Pre-Class: Reproducible Computational Research

Part 1: Introduction

The concept of reproducible computational research is that any computational result you generate, such as numbers, figures, tables, etc. can be re-generated with minimal effort by other people and yourself. The purpose of this lecture is to show you why reproducibility is necessary in computational research and how to perform reproducible research.

There are two papers talking about this idea. You can download them from CoCalc.

  1. Reproducible Research in Computational Science by Roger D. Peng
  2. Ten Simple Rules for Reproducible Computational Research by Sandve et. al.

Question 1: Why is it important to make your research reproducible?


In [0]:

Question 2: Imagine that you just finished a computational project and submitted the paper to a journal. What can you do to make sure that other people and yourself can reproduce your results? (Give at least two examples)


In [0]:

What is a program?

A program is basically a set of instructions that tells the computer how to perform a task. You can think of a program a bit like a recipe: it gives step-by-step instructions on how to combine data and functions (ingredients) to achieve the desired end result (a tasty cake).
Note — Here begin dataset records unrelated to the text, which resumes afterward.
(* Signal s in {h, l} of quality q: Pr[h|H] = Pr[l|L] = q. *)
Definition prob_h (pi q : R) : R := pi * q + (1 - pi) * (1 - q).
Definition prob_l (pi q : R) : R := pi * (1 - q) + (1 - pi) * q.
Definition post_h (pi q : R) : R := pi * q / prob_h pi q.
Definition post_l (pi q : R) : R := pi * (1 - q) / prob_l pi q.
Definition bid_h (vH vL pi q : R) : R := post_h pi q * vH + (1 - post_h pi q) * vL.
Definition bid_l (vH vL pi q : R) : R := post_l pi q * vH + (1 - post_l pi q) * vL.

Definition EU0 f pr (vH vL pi : R) : R :=
  pi * W f pr vH (bid0 vH vL pi) + (1 - pi) * W f pr vL (bid0 vH vL pi).

(* Expected utility with the signal of quality q (joint law of type and signal). *)
Definition EUsig f pr (vH vL pi q : R) : R :=
  pi * q * W f pr vH (bid_h vH vL pi q)
  + (1 - pi) * (1 - q) * W f pr vL (bid_h vH vL pi q)
  + pi * (1 - q) * W f pr vH (bid_l vH vL pi q)
  + (1 - pi) * q * W f pr vL (bid_l vH vL pi q).

Definition U f pr (vH vL pi q : R) : R := EUsig f pr vH vL pi q - EU0 f pr vH vL pi.

Definition Ubound (fbar vH vL q1 q2 : R) : R :=
  fbar * (vH - vL) ^ 2 *
  (2 / 3 * (q1 ^ 3 - q2 ^ 3) - 1 / 2 * (q1 ^ 2 - q2 ^ 2)).

(* Let F be the law of the competing bid. After signal s the advertiser's
   posterior value equals her bid b_s, so U_pi(q) is the sum over s of
   Pr[s] int_{bid0}^{b_s} (b_s - p) dF(p). From q2 to q1 the high bid rises and
   the low bid falls, and the increment of U splits into integrals of nonnegative
   affine weights against f over the four segments cut out of [vL, vH] by
   b_l(q1) <= b_l(q2) <= bid0 <= b_h(q2) <= b_h(q1). Replacing f by fbar there
   leaves the uniform case, where the value is explicit,
   (vH - vL)^2 pi^2 (1 - pi)^2 (2q - 1)^2 / (2 Pr[h] Pr[l]), and its increment
   is at most (vH - vL)^2 ((2q1 - 1)^2 - (2q2 - 1)^2) / 8 since
   Pr[h] Pr[l] >= pi (1 - pi). *)

From Stdlib Require Import Reals Lra.
From Coquelicot Require Import Coquelicot.
Open Scope R_scope.

Lemma RInt_lincomb (g1 g2 : R -> R) (c1 c2 a b : R) :
  ex_RInt g1 a b -> ex_RInt g2 a b ->
  RInt (fun p => c1 * g1 p + c2 * g2 p) a b = c1 * RInt g1 a b + c2 * RInt g2 a b.
Proof.
  intros H1 H2.
  assert (S1 : RInt (fun p => c1 * g1 p) a b = c1 * RInt g1 a b) by exact (RInt_scal g1 a b c1 H1).
  assert (S2 : RInt (fun p => c2 * g2 p) a b = c2 * RInt g2 a b) by exact (RInt_scal g2 a b c2 H2).
  rewrite <- S1, <- S2.
  exact (RInt_plus (fun p => scal c1 (g1 p)) (fun p => scal c2 (g2 p)) a b
           (ex_RInt_scal _ _ _ c1 H1) (ex_RInt_scal _ _ _ c2 H2)).
Qed.

Definition affine_increment (G H : R -> R) (a c x y : R) : R :=
  a * (G y - G x) + c * (H y - H x).

Lemma affine_nonneg_between a c x y p :
  0 <= a + c * x -> 0 <= a + c * y -> x <= p <= y -> 0 <= a + c * p.
Proof.
  intros Hx Hy Hp.
  destruct (Req_dec x y) as [<-|Hxy]; [replace p with x by lra; exact Hx|].
  assert (Hmix : (y - x) * (a + c * p) = (y - p) * (a + c * x) + (p - x) * (a + c * y)) by ring.
  apply Rmult_le_reg_l with (y - x); [lra|].
  rewrite Rmult_0_r, Hmix.
  apply Rplus_le_le_0_compat; apply Rmult_le_pos; lra.
Qed.

Lemma continuous_affine a c p : continuous (fun p => a + c * p) p.
Proof.
  apply (ex_derive_continuous (V := R_CompleteNormedModule) (fun p => a + c * p)).
  auto_derive; exact I.
Qed.

Lemma ex_RInt_affine a c x y : ex_RInt (fun p => a + c * p) x y.
Proof. apply (ex_RInt_continuous (V := R_CompleteNormedModule)); intros p _; apply continuous_affine. Qed.

Lemma RInt_affine a c x y :
  RInt (fun p => a + c * p) x y = affine_increment (fun p => p) (fun p => p ^ 2 / 2) a c x y.
Proof.
  apply is_RInt_unique.
  replace (affine_increment (fun p => p) (fun p => p ^ 2 / 2) a c x y)
    with (minus ((fun p => a * p + c * (p ^ 2 / 2)) y) ((fun p => a * p + c * (p ^ 2 / 2)) x))
    by (unfold affine_increment, minus, plus, opp; simpl; ring).
  apply (is_RInt_derive (V := R_CompleteNormedModule) (fun p => a * p + c * (p ^ 2 / 2))).
  - intros p _; auto_derive; [exact I | field].
  - intros p _; apply continuous_affine.
Qed.

Section Moments.

Variables (f : R -> R) (pr : integrable_payoffs f).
The words "program" and "script" can often be used interchangeably, though "script" is generally used to describe quicker, simpler programs.

What is a programming language?

A program must be written in a language the computer can understand -- but computers only understand binary (0's and 1's)! Writing code in binary is hard for humans and takes a very long time.

Programming languages were created to help translate between a language that humans are comfortable with to something a computer can actually understand. Programming languages usually consist of common English words, such as "print", "and", "or", "if", etc, which humans can understand very easily. Then, under the hood, the programming language translates that code into the corresponding strings of 0's and 1's using an "interpreter" or "compiler" (depending on the language). This translated code is what is actually run by the computer.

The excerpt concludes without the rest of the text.